◆ **Activity**
In the records below, copy the line that contains "move=> clY rxY" and each line after it, word for word, through the last.

◆ **Dataset records**

(* Let $0<\beta\leq 1$ and $\delta>0$. There exists a constant $M=M(\beta,\delta)$ such that the following holds for every $0<\alpha<1$, every $d$, and every finite $L$-spherical code $P\subset\mathbb{R}^d$ with $L=[-1,-\beta]\cup\{\alpha\}$. Let $G$ be the graph on vertex set $P$ in which distinct $x,y\in P$ are adjacent iff $\langle x,y\rangle\in[-1,-\beta]$. Let $U\subseteq P$ be arbitrary and let $I$ be a maximum-size independent (in $G$) subset of $U$. Then there is a subset $U'\subseteq U\setminus I$ with $|U'|\geq|U|-M|I|$ such that every vertex of $U'$ is adjacent in $G$ to at least $(1-\delta)|I|$ vertices of $I$.
   Context: For a set $L\subseteq[-1,1]$, an $L$-spherical code in $\mathbb{R}^d$ is a set $P$ of unit vectors such that $\langle x,y\rangle\in L$ for all distinct $x,y\in P$. *)

From HB Require Import structures.
From mathcomp Require Import all_boot all_order all_algebra.
From mathcomp Require Import finmap.
From mathcomp Require Import reals.
Set Implicit Arguments. Unset Strict Implicit. Unset Printing Implicit Defensive.
Import Order.TTheory GRing.Theory Num.Theory.
Local Open Scope ring_scope.
Local Open Scope fset_scope.

Definition dotv (R : realType) (d : nat) (x y : 'rV[R]_d) : R := (x *m y^T) 0 0.

Definition spherical_code_L (R : realType) (d : nat) (beta alpha : R)
  (P : {fset 'rV[R]_d}) : Prop :=
  (forall x, x \in P -> dotv x x = 1) /\
  (forall x y, x \in P -> y \in P -> x != y ->
     (-1 <= dotv x y /\ dotv x y <= - beta) \/ dotv x y = alpha).

Definition adjG (R : realType) (d : nat) (beta : R) (x y : 'rV[R]_d) : bool :=
  (x != y) && (-1 <= dotv x y) && (dotv x y <= - beta).

Definition independentG (R : realType) (d : nat) (beta : R)
  (S : {fset 'rV[R]_d}) : Prop :=
  forall x y, x \in S -> y \in S -> ~~ adjG beta x y.

Definition max_independent_in (R : realType) (d : nat) (beta : R)
  (U I : {fset 'rV[R]_d}) : Prop :=
  I `<=` U /\ independentG beta I /\
  (forall J : {fset 'rV[R]_d}, J `<=` U -> independentG beta J -> (#|` J| <= #|` I|)%N).

(* Two Gram-matrix estimates carry the argument.  If a vertex u outside the independent
   set I is non-adjacent to more than an e-fraction of I (e = min delta 1), the squared norm of
   a * (sum of N(u) /\ I) + u + g * (sum of I \ N(u)) is nonnegative, which forces
   |N(u) /\ I| = O(1 / (e beta^2)).  Call such vertices bad.  If some v in I had s0 ~ 3/beta^2
   bad neighbours S, the same estimate for v, S and the common non-neighbours of S in I shows
   that fewer than (s0 + 1)^2 vertices of I avoid S, whereas by the first estimate at least
   |I| - s0 * O(1 / (e beta^2)) do; so once |I| is large each v in I has fewer than s0 bad
   neighbours, and since every vertex of U \ I has a neighbour in I by maximality, there are at
   most s0 |I| bad vertices.  When |I| is small, Ramsey's theorem bounds |U| directly, as cliques
   of G have at most 1 + 1/beta vertices. *)

From HB Require Import structures.
From mathcomp Require Import all_boot all_order all_algebra.
From mathcomp Require Import finmap.
From mathcomp Require Import reals.
From mathcomp Require Import ring lra zify.
Import Order.TTheory GRing.Theory Num.Theory.
Set Implicit Arguments. Unset Strict Implicit. Unset Printing Implicit Defensive.
Local Open Scope fset_scope.
Local Open Scope ring_scope.

Section DotProduct.
Variables (R : realType) (d : nat).
Implicit Types (x y z : 'rV[R]_d) (A B : seq 'rV[R]_d).

Lemma dotvE x y : dotv x y = \sum_j x 0 j * y 0 j.
Proof. by rewrite /dotv !mxE; apply: eq_bigr => j _; rewrite mxE. Qed.

Lemma dotvC x y : dotv x y = dotv y x.
Proof. by rewrite !dotvE; apply: eq_bigr => j _; rewrite mulrC. Qed.

Lemma dotvDl x y z : dotv (x + y) z = dotv x z + dotv y z.
Proof. by rewrite !dotvE -big_split; apply: eq_bigr => j _; rewrite !mxE mulrDl. Qed.

Lemma dotvDr x y z : dotv z (x + y) = dotv z x + dotv z y.
Proof. by rewrite dotvC dotvDl !(dotvC z). Qed.

Lemma dotvZl a x z : dotv (a *: x) z = a * dotv x z.
Proof. by rewrite !dotvE mulr_sumr; apply: eq_bigr => j _; rewrite !mxE mulrA. Qed.

Lemma dotvZr a x z : dotv z (a *: x) = a * dotv z x.
Proof. by rewrite dotvC dotvZl dotvC. Qed.

Lemma dotvv_ge0 x : 0 <= dotv x x.
Proof. by rewrite dotvE; apply: sumr_ge0 => j _; rewrite -expr2 sqr_ge0. Qed.

Lemma dotv_suml A z : dotv (\sum_(x <- A) x) z = \sum_(x <- A) dotv x z.
Proof.
elim: A => [|a A IH]; last by rewrite !big_cons dotvDl IH.
by rewrite !big_nil dotvE big1 // => j _; rewrite mxE mul0r.
Qed.

Lemma sumr_const_seq (T : Type) (r : seq T) (c : R) :
  \sum_(i <- r) c = c * (size r)%:R.
Proof.
elim: r => [|a r IH]; first by rewrite big_nil mulr0.
by rewrite big_cons IH /= -add1n natrD mulrDr mulr1.
Qed.

Lemma dotv_suml_le A z c :
  (forall x, x \in A -> dotv x z <= c) -> dotv (\sum_(x <- A) x) z <= c * (size A)%:R.
Proof.
move=> le_c; rewrite dotv_suml -sumr_const_seq big_seq [X in _ <= X]big_seq.
exact: ler_sum.
Qed.

Lemma dotv_suml_eq A z c :
  (forall x, x \in A -> dotv x z = c) -> dotv (\sum_(x <- A) x) z = c * (size A)%:R.
Proof.
move=> eq_c; rewrite dotv_suml -sumr_const_seq big_seq [RHS]big_seq.
exact: eq_bigr.
Qed.

Lemma dotv_sumr_eq A z c :
  (forall y, y \in A -> dotv z y = c) -> dotv z (\sum_(y <- A) y) = c * (size A)%:R.
Proof. by move=> eq_c; rewrite dotvC; apply: dotv_suml_eq => y yA; rewrite dotvC eq_c. Qed.

Lemma dotv_sum_sum_eq A B c :
  (forall x y, x \in A -> y \in B -> dotv x y = c) ->
  dotv (\sum_(x <- A) x) (\sum_(y <- B) y) = c * (size B)%:R * (size A)%:R.
Proof. by move=> eq_c; apply: dotv_suml_eq => x xA; apply: dotv_sumr_eq => y; apply: eq_c. Qed.

Lemma dotv_sum_self_le A c : uniq A ->
  (forall x, x \in A -> dotv x x = 1) ->
  (forall x y, x \in A -> y \in A -> x != y -> dotv x y <= c) ->
  dotv (\sum_(x <- A) x) (\sum_(y <- A) y) <= (1 - c) * (size A)%:R + c * (size A)%:R ^+ 2.
Proof.
move=> uA unit le_c.
have -> : (1 - c) * (size A)%:R + c * (size A)%:R ^+ 2 =
          (1 + c * ((size A)%:R - 1)) * (size A)%:R by ring.
apply: dotv_suml_le => x xA.
rewrite (bigD1_seq x) //= dotvDr unit // lerD2l -big_filter dotvC.
have size_rest : (size A)%:R - 1 = (size [seq y <- A | y != x])%:R :> R.
  have A_gt0 : (0 < size A)%N by case: (A) xA.
  by rewrite -rem_filter // size_rem // -[in LHS](prednK A_gt0) -natr1 addrK.
rewrite size_rest; apply: dotv_suml_le => y; rewrite mem_filter => /andP[yx yA].
by rewrite le_c // eq_sym.
Qed.

End DotProduct.

(* Expanding |a * sum A + x0 + g * sum B|^2 >= 0 with g = -(1 + a|A|) / |B|, chosen to kill
   the alpha-weighted square, leaves a bound in which alpha no longer appears. *)
Lemma gram_bound (R : realType) (d : nat) (alpha beta a : R) (x0 : 'rV[R]_d)
    (A B : {fset 'rV[R]_d}) :
  0 <= alpha -> 0 <= a -> B != fset0 -> dotv x0 x0 = 1 ->
  (forall x, x \in A -> dotv x x = 1) -> (forall y, y \in B -> dotv y y = 1) ->
  (forall x x', x \in A -> x' \in A -> x != x' -> dotv x x' <= alpha) ->
  (forall y y', y \in B -> y' \in B -> y != y' -> dotv y y' <= alpha) ->
  (forall x, x \in A -> dotv x x0 <= - beta) ->
  (forall y, y \in B -> dotv x0 y = alpha) ->
  (forall x y, x \in A -> y \in B -> dotv x y = alpha) ->
  2 * a * beta * #|` A|%:R <= a ^+ 2 * #|` A|%:R + 1 + (1 + a * #|` A|%:R) ^+ 2 / #|` B|%:R.
Proof.
move=> alpha_ge0 a_ge0 B_neq0 x0_unit A_unit B_unit AA BB Ax0 x0B AB.
set s := #|` A|%:R; set m := #|` B|%:R.
have m_gt0 : 0 < m by rewrite ltr0n cardfs_gt0.
set sA := \sum_(x <- A) x; set sB := \sum_(y <- B) y.
set g := - (1 + a * s) / m.
have sAsA := dotv_sum_self_le (fset_uniq A) A_unit AA.
have sBsB := dotv_sum_self_le (fset_uniq B) B_unit BB.
have sAx0 : dotv sA x0 <= - beta * s by apply: dotv_suml_le.
have x0sB : dotv x0 sB = alpha * m by apply: dotv_sumr_eq.
have sAsB : dotv sA sB = alpha * s * m.
  by rewrite mulrAC; apply: dotv_sum_sum_eq.
have := dotvv_ge0 (a *: sA + x0 + g *: sB).
rewrite !(dotvDl, dotvDr, dotvZl, dotvZr) (dotvC x0 sA) (dotvC sB sA) (dotvC sB x0).
rewrite x0_unit sAsB x0sB => gram_ge0.
have gram_ge0' : 0 <= (1 - alpha) * (a ^+ 2 * s + 1 + g ^+ 2 * m)
    + alpha * (a * s + 1 + g * m) ^+ 2 - 2 * a * s * (alpha + beta).
  have h1 : a * (a * dotv sA sA) <= a * (a * ((1 - alpha) * s + alpha * s ^+ 2)).
    by rewrite mulrA mulrA ler_wpM2l ?mulr_ge0.
  have h2 : a * dotv sA x0 <= a * (- beta * s) by rewrite ler_wpM2l.
  have h3 : g * (g * dotv sB sB) <= g * (g * ((1 - alpha) * m + alpha * m ^+ 2)).
    by rewrite mulrA mulrA ler_wpM2l // -expr2 sqr_ge0.
  lra.
have gm : g * m = - (1 + a * s) by rewrite /g divfK // gt_eqF.
have g2m : g ^+ 2 * m = (1 + a * s) ^+ 2 / m.
  by rewrite expr2 -mulrA gm /g; field; rewrite gt_eqF.
rewrite gm g2m in gram_ge0'.
have Q_ge0 : 0 <= (1 + a * s) ^+ 2 / m by rewrite divr_ge0 ?sqr_ge0 ?ltW.
have as_ge0 : 0 <= a * s by rewrite mulr_ge0.
have alpha_as : 0 <= alpha * (a * s) by rewrite mulr_ge0.
have alpha_X : 0 <= alpha * (a ^+ 2 * s + 1 + (1 + a * s) ^+ 2 / m).
  by rewrite mulr_ge0 // !addr_ge0 // mulr_ge0 // sqr_ge0.
lra.
Qed.

Section Ramsey.
Variables (K : choiceType) (r : rel K).
Hypotheses (r_sym : symmetric r) (r_irr : irreflexive r).

Definition fclique (Y : {fset K}) := {in Y &, forall x y, x != y -> r x y}.
Definition fstable (Y : {fset K}) := {in Y &, forall x y, ~~ r x y}.

Lemma fclique_fsetU1 x Y : fclique Y -> {in Y, forall y, r x y} -> fclique (x |` Y).
Proof.
move=> clY rxY y z; rewrite !inE => /predU1P[-> | yY] /predU1P[-> | zY].
- by rewrite eqxx.
- by move=> _; apply: rxY.
- by move=> _; rewrite r_sym; apply: rxY.
- exact: clY.
Qed.

Lemma fstable_fsetU1 x Y : fstable Y -> {in Y, forall y, ~~ r x y} -> fstable (x |` Y).
Proof.
move=> stY nrxY y z; rewrite !inE => /predU1P[-> | yY] /predU1P[-> | zY].
- by rewrite r_irr.
- exact: nrxY.
- by rewrite r_sym; apply: nrxY.
- exact: stY.
Qed.

Lemma fclique0 : fclique fset0. Proof. by move=> x y; rewrite inE. Qed.
Lemma fstable0 : fstable fset0. Proof. by move=> x y; rewrite inE. Qed.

◆ **The answer**
move=> clY rxY y z; rewrite !inE => /predU1P[-> | yY] /predU1P[-> | zY].
- by rewrite eqxx.
- by move=> _; apply: rxY.
- by move=> _; rewrite r_sym; apply: rxY.
- exact: clY.
Qed.

Lemma fstable_fsetU1 x Y : fstable Y -> {in Y, forall y, ~~ r x y} -> fstable (x |` Y).
Proof.
move=> stY nrxY y z; rewrite !inE => /predU1P[-> | yY] /predU1P[-> | zY].
- by rewrite r_irr.
- exact: nrxY.
- by rewrite r_sym; apply: nrxY.
- exact: stY.
Qed.

Lemma fclique0 : fclique fset0. Proof. by move=> x y; rewrite inE. Qed.
Lemma fstable0 : fstable fset0. Proof. by move=> x y; rewrite inE. Qed.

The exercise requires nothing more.